Проснувшись утром, Джулия спустилась на первый этаж. Чашка чаю, на этот раз с молоком, и миска с мюсли укрепили ее в новом решении начать жить дальше. Она достала из выдвижного ящика мобильный телефон, включила его и пошла наверх, в ванную комнату — единственное место в коттедже, где сотовый принимал сигнал.

Теперь у нее оказалось девятнадцать голосовых сообщений, некоторые оставлены аж два месяца назад. Недавние пришли от Алисии, папы, Кита, и лавину сообщений обрушил на телефон агент Олав.

Также звонила экономка из Франции, просила немедленно перезвонить. В доме что-то случилось, но Агнесс так быстро тараторила по-французски, что Джулия не поняла, где именно протекло. Сев на край ванны, она просмотрела весь список. Руки мелко дрожали: девушка боялась разговаривать с людьми из ее прошлого.

«Сегодня разберусь с экономкой и агентом, а остальные подождут», — решила Джулия.

Вернувшись на первый этаж, Джулия повалилась на диван, закрыла глаза и представила увитую виноградной позой террасу своего красивого дома на холме в старинной деревне Раматюэль и насыщенно-синюю гладь Средиземного моря, сверкающую далеко внизу.

Джулия вздохнула. Она решила вернуться к жизни и, значит, не должна чураться воспоминаний. Нужно научиться дорожить этими драгоценными мгновениями, которые, увы, уже никогда не вернутся.

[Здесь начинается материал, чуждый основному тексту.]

Lemma scriptL_not_graph : ~~ odd n -> (0 < n)%N -> (0 < d)%N ->
  exists u w, [/\ scriptL u, scriptL w, u.1 = w.1 &
                  exists v, pairing u.2 v != pairing w.2 v].
Proof.
move=> even_n n_gt0 d_gt0.
pose e : 'rV[R]_d := const_mx 1.
pose a : V R d := (e, 0); pose c : V R d := (0, e).
pose s (i : 'I_n) : R := (-1) ^+ i.
have sS i : s (ordS i) = - s i.
  by rewrite /s -signr_odd /= odd_mod ?(negbTE even_n) //= signrN signr_odd.
have omega_ac : omega a c = d%:R.
  rewrite omegaE (eq_bigr (fun _ => 1)) => [|k _]; last by rewrite /= !mxE mulr1 mulr0 subr0.
  by rewrite sumr_const card_ord.
pose y i := s i *: a.
exists (Phi (cyc_pairs y)), (Phi (cyc_pairs (fun _ => 0))).
split; [exact: scriptL_cyc | exact: scriptL_cyc | |].
  by apply/ffunP => i; rewrite !Phi_baseE /cyc_pairs /y sS scaleNr subrr addr0.
exists [ffun i => s i *: c]; rewrite !pairing_PhiE [X in _ != X]big1 => [|i _]; last first.
  by rewrite subrr omega0l.
rewrite (eq_bigr (fun _ => (2 * d)%:R)) => [|i _]; last first.
  rewrite /cyc_pairs /y ffunE sS scaleNr opprK omegaDl !omegaZl omegaZr omega_ac.
  have ss : s i * s i = 1 by rewrite /s -exprD -signr_odd addnn odd_double.
  by rewrite mulrA ss mul1r natrM mulr_natl mulr2n.
rewrite big_const_ord iter_addr_0 mulrn_eq0 negb_or -lt0n n_gt0.
by rewrite pnatr_eq0 -lt0n muln_gt0 d_gt0.
Qed.

Lemma graph_dF_fibre (F : Vn R n d -> R) u w v :
  graph_dF F u -> graph_dF F w -> u.1 = w.1 -> pairing u.2 v = pairing w.2 v.
Proof. by move=> dFu dFw uw; have [_ <-] := dFu v; have [_ <-] := dFw v; rewrite uw. Qed.

End Identification.

Theorem mainTheorem11 (R : realType) (d n : nat) (hd : (1 <= d)%N) (hn : (1 <= n)%N) :
  lagrangian (@scriptL R n d) /\
  (odd n -> @scriptL R n d = graph_dF (@Fgen R n d)) /\
  (~~ odd n -> forall F : Vn R n d -> R, @scriptL R n d <> graph_dF F).
Proof.
split; first exact: scriptL_lagrangian.
split; first exact: scriptL_eq_graph_dFgen.
move=> even_n F L_eq.
have [u [w [Lu Lw uw [v]]]] := @scriptL_not_graph R n d even_n hn hd.
rewrite L_eq in Lu Lw.
by rewrite (graph_dF_fibre v Lu Lw uw) eqxx.
Qed.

Я смотрю на заходящее солнце. Его яркие красно-золотые тона отражаются в голубой воде, и кажется, будто она горит огнем. По террасе плывут звуки Третьего концерта для фортепиано с оркестром Рахманинова. Музыка достигает кульминации, когда солнце плавно погружается в море.

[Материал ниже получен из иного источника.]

Lemma closed_fun_le (A B : X -> T) :
  continuous A -> continuous B -> closed [set x | A x <= B x].
Proof.
move=> cA cB; rewrite -[X in closed X]setCK; apply: open_closedC.
rewrite openE => x /= /negP; rewrite -ltNge => BA.
suff : \forall y \near x, B y < A y.
  by apply: filterS => y; rewrite ltNge => /negP.
have [[c /andP[Bc cA']]|noc] := pselect (exists c, B x < c < A x).
  near=> y; apply: (@lt_trans _ _ c).
    by near: y; exact: continuous_lt_near (cB x) Bc.
  by near: y; exact: continuous_gt_near (cA x) cA'.
near=> y; rewrite ltNge; apply/negP => AB; apply: noc; exists (A y).
have By : B y < A x by near: y; exact: continuous_lt_near (cB x) BA.
have Ay : B x < A y by near: y; exact: continuous_gt_near (cA x) BA.
by rewrite Ay (le_lt_trans AB By).
Unshelve. all: by end_near.
Qed.

End order_continuity.

Lemma EFin_between {R : realType} {a b : \bar R} :
  (a < b)%E -> exists c : R, (a < c%:E < b)%E.
Proof.
case: a => [a| |]; case: b => [b| |] //=; rewrite ?lte_fin => ab.
- by exists ((a + b) / 2); rewrite !lte_fin; apply/andP; split; lra.
- by exists (a + 1); rewrite !lte_fin ltry andbT; lra.
- by exists (b - 1); rewrite !lte_fin ltNyr; lra.
- by exists 0; rewrite ltNyr ltry.
Qed.

Lemma continuous_EFin {T : topologicalType} {R : realType} {g : T -> R} :
  continuous g -> continuous (EFin \o g).
Proof. by move=> cg x; apply: cvg_EFin; [exact: nearW | exact: cg]. Qed.

Lemma continuous_dist {R : realType} (y : R) : continuous (fun z : R => `|z - y|).
Proof.
move=> z; apply: (@continuous_comp _ _ _ (fun w : R => w - y) Num.Def.normr).
  exact: continuousB cvg_id (@cst_continuous _ _ y z).
exact: norm_continuous.
Qed.

Lemma closed_set1R {R : realType} (y : R) : closed [set y].
Proof. exact: (accessible_closed_set1 (hausdorff_accessible (@Rhausdorff R))). Qed.

Lemma closed_dnbhs {R : realType} (S : set R) y :
  closed S -> (\forall z \near y^', S z) -> S y.
Proof. by move=> cS Sy; apply: (@closed_cvg _ _ y^' _ id S cS Sy y); exact: nbhs_dnbhs. Qed.

Lemma continuous_bump {R : realType} {g : R -> R} {e : R} (x v : R) :
  continuous g -> 0 < e -> exists p : R -> R,
    [/\ continuous p, p x = v & forall z, ~ ball x e z -> p z = g z].
Proof.
move=> cg e0.
pose tent : R -> R := (fun=> 0) \max (fun z => e - `|z - x|).
have ctent : continuous tent.
  apply: max_fun_continuous; first exact: cst_continuous.
  by move=> z; exact: continuousB (@cst_continuous _ _ e z) (continuous_dist x z).
exists (fun z => g z + (v - g x) / e * tent z); split.
- move=> z; apply: continuousD (cg z) _.
  exact: continuousM (@cst_continuous _ _ _ z) (ctent z).
- by rewrite /tent /= subrr normr0 subr0 max_r ?ltW // divfK ?gt_eqF // addrC subrK.
- move=> z /negP; rewrite -leNgt distrC => ez.
  by rewrite /tent /= max_l ?mulr0 ?addr0 // subr_le0.
Qed.

Section interval_family.
Context {R : realType} (f h : R -> \bar R).
Hypotheses (cf : continuous f) (ch : continuous h) (fh : forall x, (f x <= h x)%E)
  (fin : forall x, f x \is a fin_num \/ h x \is a fin_num).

Это мой любимый момент: кажется, будто сама природа замирает, любуясь тем спектаклем, который устраивает Властелин дня, отправляясь на покой, чтобы назавтра вернуться и опять порадовать мир.

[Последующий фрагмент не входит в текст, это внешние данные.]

(* A function crossing each of its zeros downwards and not positive on any initial
   interval (0, c] is negative on (0, b): otherwise its last zero before a
   positive value would be crossed upwards. *)
Lemma negative_of_downward_zeros w w' b :
  (forall x, 0 < x < b -> derivable_pt_lim w x (w' x)) ->
  (forall x, 0 < x < b -> w x = 0 -> w' x < 0) ->
  ~ (exists c, 0 < c < b /\ forall x, 0 < x <= c -> 0 < w x) ->
  forall x, 0 < x < b -> w x < 0.
Proof.
  intros Hd Hz Hno x Hx.
  destruct (Rlt_or_le (w x) 0) as [|Hge]; [assumption|]. exfalso.
  assert (Hp : exists p, 0 < p <= x /\ 0 < w p).
  { destruct (Req_dec (w x) 0) as [H0|H0].
    - destruct (crossing_downward w x _ (Hd x Hx) (Hz x Hx H0) H0) as [d [Hd0 Hs]].
      destruct (below_both d x Hd0 ltac:(lra)) as [h Hh].
      exists (x - h). split; [lra|]. apply Hs. lra.
    - exists x. split; lra. }
  destruct Hp as [p [Hp Hwp]].
  assert (Hy : exists y, 0 < y <= p /\ w y <= 0).
  { apply NNPP; intros Hn. apply Hno. exists p. split; [lra|]. intros t Ht.
    apply Rnot_le_lt; intros Hle. apply Hn. exists t. split; assumption. }
  destruct Hy as [y [Hy Hwy]].
  assert (Hyp : y < p) by (destruct (proj2 Hy) as [|Heq]; [assumption | subst y; lra]).
  destruct (last_zero_before w w' b y p Hd ltac:(lra) ltac:(lra) Hwy Hwp)
    as [m [Hm [Hwm Hpos]]].
  destruct (crossing_downward w m _ (Hd m ltac:(lra)) (Hz m ltac:(lra) Hwm) Hwm)
    as [d [Hd0 Hs]].
  destruct (below_both d (p - m) Hd0 ltac:(lra)) as [h Hh].
  destruct (Hs h ltac:(lra)) as [Hright _]. specialize (Hpos (m + h) ltac:(lra)). lra.
Qed.

(* A function whose derivative exceeds k/x near 0 (k > 0) behaves like k ln x and
   cannot stay bounded below. *)
Lemma no_log_blowup (r r1 : R -> R) (k c r0 : R) : 0 < c -> 0 < k ->
  (forall x, 0 < x <= c -> derivable_pt_lim r x (r1 x)) ->
  (forall x, 0 < x <= c -> k / x < r1 x) ->
  ~ (forall x, 0 < x <= c -> r0 <= r x).
Proof.
  intros Hc Hk Hd Hb Hge.
  set (x := exp (ln c - (r c - r0) / k - 1)).
  assert (Hrc : 0 <= (r c - r0) / k) by
    (apply Rmult_le_pos; [pose proof (Hge c ltac:(lra)); lra | left; apply Rinv_0_lt_compat; lra]).
  assert (Hx0 : 0 < x) by apply exp_pos.
  assert (Hxc : x < c).
  { rewrite <- (exp_ln c) by lra. apply exp_increasing. lra. }
  assert (Hlog : r x - k * ln x <= r c - k * ln c).
  { apply (nondecreasing_of_deriv (fun z => r z - k * ln z) (fun z => r1 z - k * / z));
      [exact Hxc | |].
    - intros z Hz. apply derivable_pt_lim_minus; [apply Hd; lra|].
      replace (k * / z) with (0 * ln z + k * / z) by ring.
      apply (derivable_pt_lim_mult (fct_cte k) ln);
        [apply derivable_pt_lim_const | apply derivable_pt_lim_ln; lra].
    - intros z Hz. specialize (Hb z ltac:(lra)). unfold Rdiv in Hb. lra. }
  unfold x in Hlog at 2. rewrite ln_exp in Hlog.
  replace (k * (ln c - (r c - r0) / k - 1)) with (k * ln c - (r c - r0) - k) in Hlog
    by (field; lra).
  pose proof (Hge x ltac:(lra)). lra.
Qed.

Lemma convex_deriv_le_slope F F1 x y : convex_pos F -> derivable_pt_lim F x (F1 x) ->
  0 < x < y -> F1 x <= (F y - F x) / (y - x).
Proof.
  intros Hc Hd Hxy. set (sl := (F y - F x) / (y - x)).
  destruct (Rle_or_lt (F1 x) sl) as [|Hlt]; [assumption|]. exfalso.
  destruct (Hd (F1 x - sl)) as [[del Hdel] Hq]; [lra|]. simpl in Hq.
  destruct (below_both del (y - x) Hdel ltac:(lra)) as [h Hh].
  specialize (Hq h ltac:(lra) ltac:(rewrite Rabs_pos_eq; lra)).
  set (t := h / (y - x)).
  assert (Ht : 0 <= t <= 1).
  { unfold t; split; [apply Rlt_le, Rdiv_lt_0_compat; lra|].
    apply (Rmult_le_reg_r (y - x)); [lra|]. unfold Rdiv.
    rewrite Rmult_assoc, Rinv_l by lra. lra. }
  specialize (Hc y x t ltac:(lra) ltac:(lra) Ht).
  replace (t * y + (1 - t) * x) with (x + h) in Hc by (unfold t; field; lra).
  assert (Hsl : F y - F x = sl * (y - x)) by (unfold sl; field; lra).
  set (q := (F (x + h) - F x) / h) in Hq.
  assert (Eq : F (x + h) - F x = q * h) by (unfold q; field; lra).
  assert (Et : t * (y - x) = h) by (unfold t; field; lra).
  assert (q * h <= sl * h) by nra.
  apply Rabs_def2 in Hq. nra.
Qed.

Lemma convex_slope_le_deriv F F1 x y : convex_pos F -> derivable_pt_lim F y (F1 y) ->
  0 < x < y -> (F y - F x) / (y - x) <= F1 y.
Proof.
  intros Hc Hd Hxy. set (sl := (F y - F x) / (y - x)).
  destruct (Rle_or_lt sl (F1 y)) as [|Hlt]; [assumption|]. exfalso.
  destruct (Hd (sl - F1 y)) as [[del Hdel] Hq]; [lra|]. simpl in Hq.
  destruct (below_both del (y - x) Hdel ltac:(lra)) as [k Hk].
  specialize (Hq (- k) ltac:(lra) ltac:(rewrite Rabs_Ropp, Rabs_pos_eq; lra)).
  set (t := k / (y - x)).
  assert (Ht : 0 <= t <= 1).
  { unfold t; split; [apply Rlt_le, Rdiv_lt_0_compat; lra|].
    apply (Rmult_le_reg_r (y - x)); [lra|]. unfold Rdiv.
    rewrite Rmult_assoc, Rinv_l by lra. lra. }
  specialize (Hc x y t ltac:(lra) ltac:(lra) Ht).
  replace (t * x + (1 - t) * y) with (y + - k) in Hc by (unfold t; field; lra).
  assert (Hsl : F y - F x = sl * (y - x)) by (unfold sl; field; lra).
  set (q := (F (y + - k) - F y) / - k) in Hq.
  assert (Eq : F (y + - k) - F y = q * (- k)) by (unfold q; field; lra).
  assert (Et : t * (y - x) = k) by (unfold t; field; lra).
  assert (- (q * k) <= - (sl * k)) by nra.
  apply Rabs_def2 in Hq. nra.
Qed.

Lemma convex_deriv_nondecreasing F F1 : convex_pos F ->
  (forall x, 0 < x -> derivable_pt_lim F x (F1 x)) ->
  forall x y, 0 < x -> x <= y -> F1 x <= F1 y.
Proof.
  intros Hc Hd x y Hx Hxy. destruct (Req_dec x y) as [->|Hne]; [lra|].
  pose proof (convex_deriv_le_slope F F1 x y Hc (Hd x Hx) ltac:(lra)).
  pose proof (convex_slope_le_deriv F F1 x y Hc (Hd y ltac:(lra)) ltac:(lra)). lra.
Qed.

Мы проводим здесь вместе гораздо меньше времени, чем хотелось бы, поэтому я особенно дорожу такими моментами. Солнце уже зашло. Я закрываю глаза и слушаю игру Ксавьера. Я сотню раз исполняла этот концерт, и меня поражают те легкие нюансы, которые придают индивидуальность его интерпретации. Как и следовало ожидать, его манера отличается большей силой и мужественностью.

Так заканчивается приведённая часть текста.